Washington Post reviews James by Percival Everett (Doubleday; LJ starred review): “What’s most striking, ultimately, is the way James both honors and interrogates Huck Finn, along with the nation that reveres it”; NYT also reviews: “Motives, morals and plot are here in abundance, of course. And Everett shoots what is certain to be this book’s legion of readers straight through the heart.”

Washington Post also reviews The Variations by Patrick Langley (New York Review Books): “The novel also works because its woolier, more mystical elements are balanced by some well-imagined alternative history”; Housewife: Why Women Still Do It All and What to Do Instead by Lisa Selin Davis (Legacy Lit): “Like a supermom, Housewife tries to do too much and accomplishes less than it could.”

The Guardian reviews The Hunter by Tana French (Viking): “By the end, these characters have taken on such solidity that, long after finishing it, I often catch myself wondering how they’re doing—a testament to the author’s mastery of her craft.”

Briefly Noted

Kai Bird, author of American Prometheus: The Triumph and Tragedy of J. Robert Oppenheimer  with Martin Sherwin (Vintage), wins the 2024 BIO Award.

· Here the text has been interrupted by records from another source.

Record synaptic : Prop := Synaptic {
  sa_sub0 : A 0;
  sa_sub1 : A 1;
  sa_subD : forall a b, A a -> A b -> A (a + b);
  sa_subZ : forall (l : R) a, A a -> A (l *: a);
  sa_posA : forall a, pos a -> A a;
  sa_pos0 : pos 0;
  sa_posD : forall a b, pos a -> pos b -> pos (a + b);
  sa_posZ : forall (l : R) a, 0 <= l -> pos a -> pos (l *: a);
  sa_posN : forall a, pos a -> pos (- a) -> a = 0;
  sa_archi : forall a b, A a -> A b ->
      (forall n : nat, sle (a *+ n) b) -> sle a 0;
  sa_unit : forall a, A a -> exists n : nat, sle (- (1 *+ n)) a /\ sle a (1 *+ n);
  sa2 : forall a, A a -> pos (a * a);
  sa3 : forall a b, pos a -> pos b -> pos (a * b * a);
  sa4 : forall a b, A a -> pos b -> a * b * a = 0 -> a * b = 0 /\ b * a = 0;
  sa5 : forall a, pos a -> exists b, pos b /\ inCC a b /\ b * b = a;
  sa6 : forall a, A a -> exists p, A p /\ p = p * p /\
      (forall b, A b -> (a * b = 0 <-> p * b = 0));
  sa7 : forall a, A a -> sle 1 a -> exists b, A b /\ a * b = 1 /\ b * a = 1;
  sa8 : forall a b (an : nat -> V), A a -> A b ->
      (forall n, inC b (an n)) ->
      (forall n, sle (an n) (an n.+1)) ->
      (forall m n, commute (an m) (an n)) ->
      (forall e : R, 0 < e -> exists N, forall n, (N <= n)%N -> ou_norm (a - an n) < e) ->
      inC b a;
  sa_nondeg : exists a, A a /\ a <> 0
}.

The April Indie Next List is out, featuring #1 pick James by Percival Everett (Doubleday; LJ starred review). 

Publishing Perspectives reports on a session on European subscription business models from the London Book Fair.

CrimeReads suggests 10 new books for the week

Rita Moreno talks with People about her 2013 memoir Rita Moreno (Celebra).

NPR’s Goats & Soda has a Q&A with Yashica Dutt about her new book, Coming Out as Dalit: A Memoir of Surviving India’s Caste System (Updated Edition) (Beacon).

Drew Carey recommends The Four Agreements: A Practical Guide to Personal Freedom by Don Miguel Ruiz (Amber-Allen), at People.

“William Whitworth, Revered Writer and Editor, Is Dead at 87.” NYT has an obituary.

Children’s author Petra Mathers dies at 78. NYT has an obituary. 

There’s still time to catch March Meowness month at the Worcester Public Library in Massachusetts; the library will accept cat pictures instead of fines in the month of MarchPeople has the story. 

Authors on Air

Oppenheimer, based on American Prometheus: The Triumph and Tragedy of J. Robert Oppenheimer by Martin Sherwin and Kai Bird, won seven Oscars last night. Poor Things based on the novel by Alasdair Gray (Mariner), won five. Today’s Shelf Awareness has more on the bookish winners and nomineesHollywood Reporter has a full list of winners.